The Makefile contains targets that demonstrate how to use this repo: make split-subsets
uses the synthetic_clinical mapping on the sample data in the Synthetic_Clinical_Data_2 directory to create an ingestable file at Synthetic_Clinical_Data_2_map.json, then uses the split_subsets.py script to subdivide that file into three subsets, Synthetic_Clinical_Data_2_map_1.json, Synthetic_Clinical_Data_2_map_2.json, and Synthetic_Clinical_Data_2_map_3.json, with packets prefixed "SET#_" within.
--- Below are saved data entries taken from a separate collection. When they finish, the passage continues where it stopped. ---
Lemma ipnorm_sum_sq (R : realType) (V : lmodType R[i]) (ip : V -> V -> R[i])
    (hip : is_inner_product ip) (z : V * V) :
  ipnorm (ip_sum ip) z ^+ 2 = ipnorm ip z.1 ^+ 2 + ipnorm ip z.2 ^+ 2.
Proof.
have ge0 v : 0 <= complex.Re (ip v v) by rewrite -(nrm_sq hip) sqr_ge0.
by rewrite /ipnorm /ip_sum ReD !sqr_sqrtr ?addr_ge0 ?ge0.
Qed.

Section NumericalRadius.
Variable R : realType.
Variable V : lmodType R[i].
Variable ip : V -> V -> R[i].
Hypothesis hip : is_inner_product ip.
Variables (B C : {linear V -> V}) (Cs : V -> V) (MB MC : R).
Hypothesis hCs : is_adjoint ip C Cs.
Hypotheses (MB_ge0 : 0 <= MB) (MC_ge0 : 0 <= MC).
Hypothesis hMB : forall x, ipnorm ip (B x) <= MB * ipnorm ip x.
Hypothesis hMC : forall x, ipnorm ip (C x) <= MC * ipnorm ip x.
Local Notation nrm := (ipnorm ip).
Local Notation nsum := (ipnorm (ip_sum ip)).
Local Notation T := (opmat (fun=> 0) B C (fun=> 0)).
Local Notation w := (numrad (ip_sum ip) T).

Lemma offdiag_form (z : V * V) :
  ip_sum ip (T z) z = ip (B z.2) z.1 + ip (C z.1) z.2.
Proof. by rewrite /ip_sum /opmat /= add0r addr0. Qed.

(* The set whose supremum is w is bounded above, by 2 MB + 2 MC. *)
Lemma form_le_numrad (z : V * V) : nsum z = 1 -> cabs (ip_sum ip (T z) z) <= w.
Proof.
move=> z1; apply: sup_upper_bound; last by exists z.
split; first by exists (cabs (ip_sum ip (T z) z)); exists z.
exists (2 * MB + 2 * MC) => _ [v /= hv <-].
have := ipnorm_sum_sq hip v; rewrite hv expr1n => hs.
have g1 := nrm_ge0 ip v.1; have g2 := nrm_ge0 ip v.2.
have l1 : nrm v.1 <= 1 by nra.
have l2 : nrm v.2 <= 1 by nra.
rewrite offdiag_form; apply: le_trans (cabsD _ _) _.
by apply: lerD; apply: (cabs_ip_unit_le hip).
Qed.

Lemma numrad_ge0 : 0 <= w.
Proof.
case: (pselect (exists z, nsum z = 1)) => [[z hz]|nz].
  exact: le_trans (cabs_ge0 _) (form_le_numrad hz).
rewrite /numrad (_ : [set _ | _ in _] = set0) ?sup0 //.
by apply/seteqP; split=> [e [z hz _]|]; [apply: nz; exists z | exact: sub0set].
Qed.

Lemma form_le_numrad_sqr (z : V * V) : cabs (ip_sum ip (T z) z) <= w * nsum z ^+ 2.
Proof.
have [nz|nz] := eqVneq (nsum z) 0.
  have := ipnorm_sum_sq hip z; rewrite nz expr0n /= => hs.
  have g1 := nrm_ge0 ip z.1; have g2 := nrm_ge0 ip z.2.
  have h1 : nrm z.1 = 0 by nra.
  have h2 : nrm z.2 = 0 by nra.
  rewrite offdiag_form (nrm_eq0 hip h1) (nrm_eq0 hip h2) !linear0 !(ip0r hip).
  by rewrite addr0 cabs0 mulr_ge0 ?numrad_ge0 ?sqr_ge0.
have gz : 0 < nsum z by rewrite lt_neqAle eq_sym nz sqrtr_ge0.
set k := (nsum z)^-1; have k0 : 0 <= k by rewrite invr_ge0 ltW.
have kz : k * nsum z = 1 by rewrite mulVf.
have hz' : nsum (k%:C *: z.1, k%:C *: z.2) = 1.
  apply/eqP; rewrite -sqrp_eq1 ?sqrtr_ge0 // (ipnorm_sum_sq hip) /= !(nrmZ hip).
  by rewrite ger0_norm // !exprMn -mulrDr -(ipnorm_sum_sq hip) -exprMn kz expr1n.
have h := form_le_numrad hz'.
rewrite !offdiag_form /= !linearZ /= !(ipZl hip, ipZr hip) !conjc_real in h.
rewrite !mulrA -!rmorphM /= -mulrDr cabsMC ger0_norm ?mulr_ge0 // in h.
have e : nsum z ^+ 2 * (k * k) = 1 by rewrite -expr2 -exprMn mulrC kz expr1n.
have := ler_wpM2r (sqr_ge0 (nsum z)) h.
by rewrite [X in X <= _]mulrC mulrA e mul1r offdiag_form.
Qed.

(* Taking z = (y, x): Re <(B + Cs) x, y> <= w (||y||^2 + ||x||^2). *)
Lemma Re_Dplus_le (x y : V) :
  complex.Re (ip (B x + Cs x) y) <= w * (nrm y ^+ 2 + nrm x ^+ 2).
Proof.
have := form_le_numrad_sqr (y, x); rewrite offdiag_form (ipnorm_sum_sq hip) /=.
rewrite (ipDl hip) ReD (ReipC hip y (Cs x)) -hCs -ReD.
exact: le_trans (Re_le_cabs _).
Qed.

(* Taking z = (i y, x): Re <(B - Cs) x, y> <= w (||y||^2 + ||x||^2). *)
Lemma Re_Dminus_le (x y : V) :
  complex.Re (ip (B x - Cs x) y) <= w * (nrm y ^+ 2 + nrm x ^+ 2).
Proof.
have := form_le_numrad_sqr ('i *: y, x).
rewrite offdiag_form (ipnorm_sum_sq hip) /= (nrm_i hip) linearZ /= (ipZr hip) (ipZl hip).
rewrite (ipDl hip) (ipNl hip) ReD ReN (ReipC hip y (Cs x)) -hCs -ReN -ReD.
set a := ip (B x) y; set c := ip (C y) x.
have -> : a - c = 'i * (conjc 'i * a + 'i * c).
  by rewrite mulrDr !mulrA mul_i_conj_i mul1r -expr2 sqr_i mulN1r.
by rewrite Re_iM; exact: le_trans (NIm_le_cabs _).
Qed.

Lemma Dplus_le (x : V) : nrm (B x + Cs x) <= 2 * w * nrm x.
Proof.
apply: (norm_le_of_Re_le hip numrad_ge0 (Re_Dplus_le x)) => ->.
by rewrite linear0 (adjoint0 hip hCs) addr0.
Qed.

Lemma Dminus_le (x : V) : nrm (B x - Cs x) <= 2 * w * nrm x.
Proof.
apply: (norm_le_of_Re_le hip numrad_ge0 (Re_Dminus_le x)) => ->.
by rewrite linear0 (adjoint0 hip hCs) subr0.
Qed.
End NumericalRadius.

(* The closing arithmetic: if 0 <= a, b <= 2 w and M <= (a^2 + b^2) / 2, then
   M / 4 + |a^2 - b^2| / 8 <= max (a^2, b^2) / 4 <= w^2. *)
Lemma quarter_max_bound (R : realFieldType) (a b w M : R) :
  0 <= a -> 0 <= b -> a <= 2 * w -> b <= 2 * w -> M <= (a ^+ 2 + b ^+ 2) / 2 ->
  4^-1 * M + 8^-1 * `|a ^+ 2 - b ^+ 2| <= w ^+ 2.
Proof.
move=> a0 b0 aw bw hM.
have a2 : a ^+ 2 <= 4 * w ^+ 2 by nra.
have b2 : b ^+ 2 <= 4 * w ^+ 2 by nra.
by have [ab|ab] := lerP (a ^+ 2) (b ^+ 2); lra.
Qed.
Set user1 to have access to the mohccn dataset:
python opa_ingest.py --dataset mohccn --user [email protected] > access.json
docker cp access.json candigv2_opa_1:/app/permissions_engine/access.json
Make sure your env vars are set:
cd CanDIGv2
python settings.py
source env.sh
Then you should be able to run s3_ingest.py from candigv2-ingest:
python s3_ingest.py --samplefile ingest/files.txt --endpoint $MINIO_URL --bucket mohccndata --access $MINIO_ACCESS_KEY --secret $MINIO_SECRET_KEY
Now you should be able to ingest into htsget:
python htsget_s3_ingest.py --samplefile ingest/samples.txt --dataset mohccn --endpoint $MINIO_URL --bucket mohccndata --access $MINIO_ACCESS_KEY --secret $MINIO_SECRET_KEY --reference hg37 --indexing
Copy the data file to the katsu server, so that it is locally accessible:
docker cp ingest/Synthetic_Clinical_Data_2_map_2.json candigv2_chord-metadata_1:input.json
Then run the ingest tool:
python katsu_ingest.py --dataset mohccn --input /input.json
Repeat for a second dataset mohccn2:
docker cp ingest/Synthetic_Clinical_Data_2_map_3.json candigv2_chord-metadata_1:input.json
python katsu_ingest.py --dataset mohccn2 --input /input.json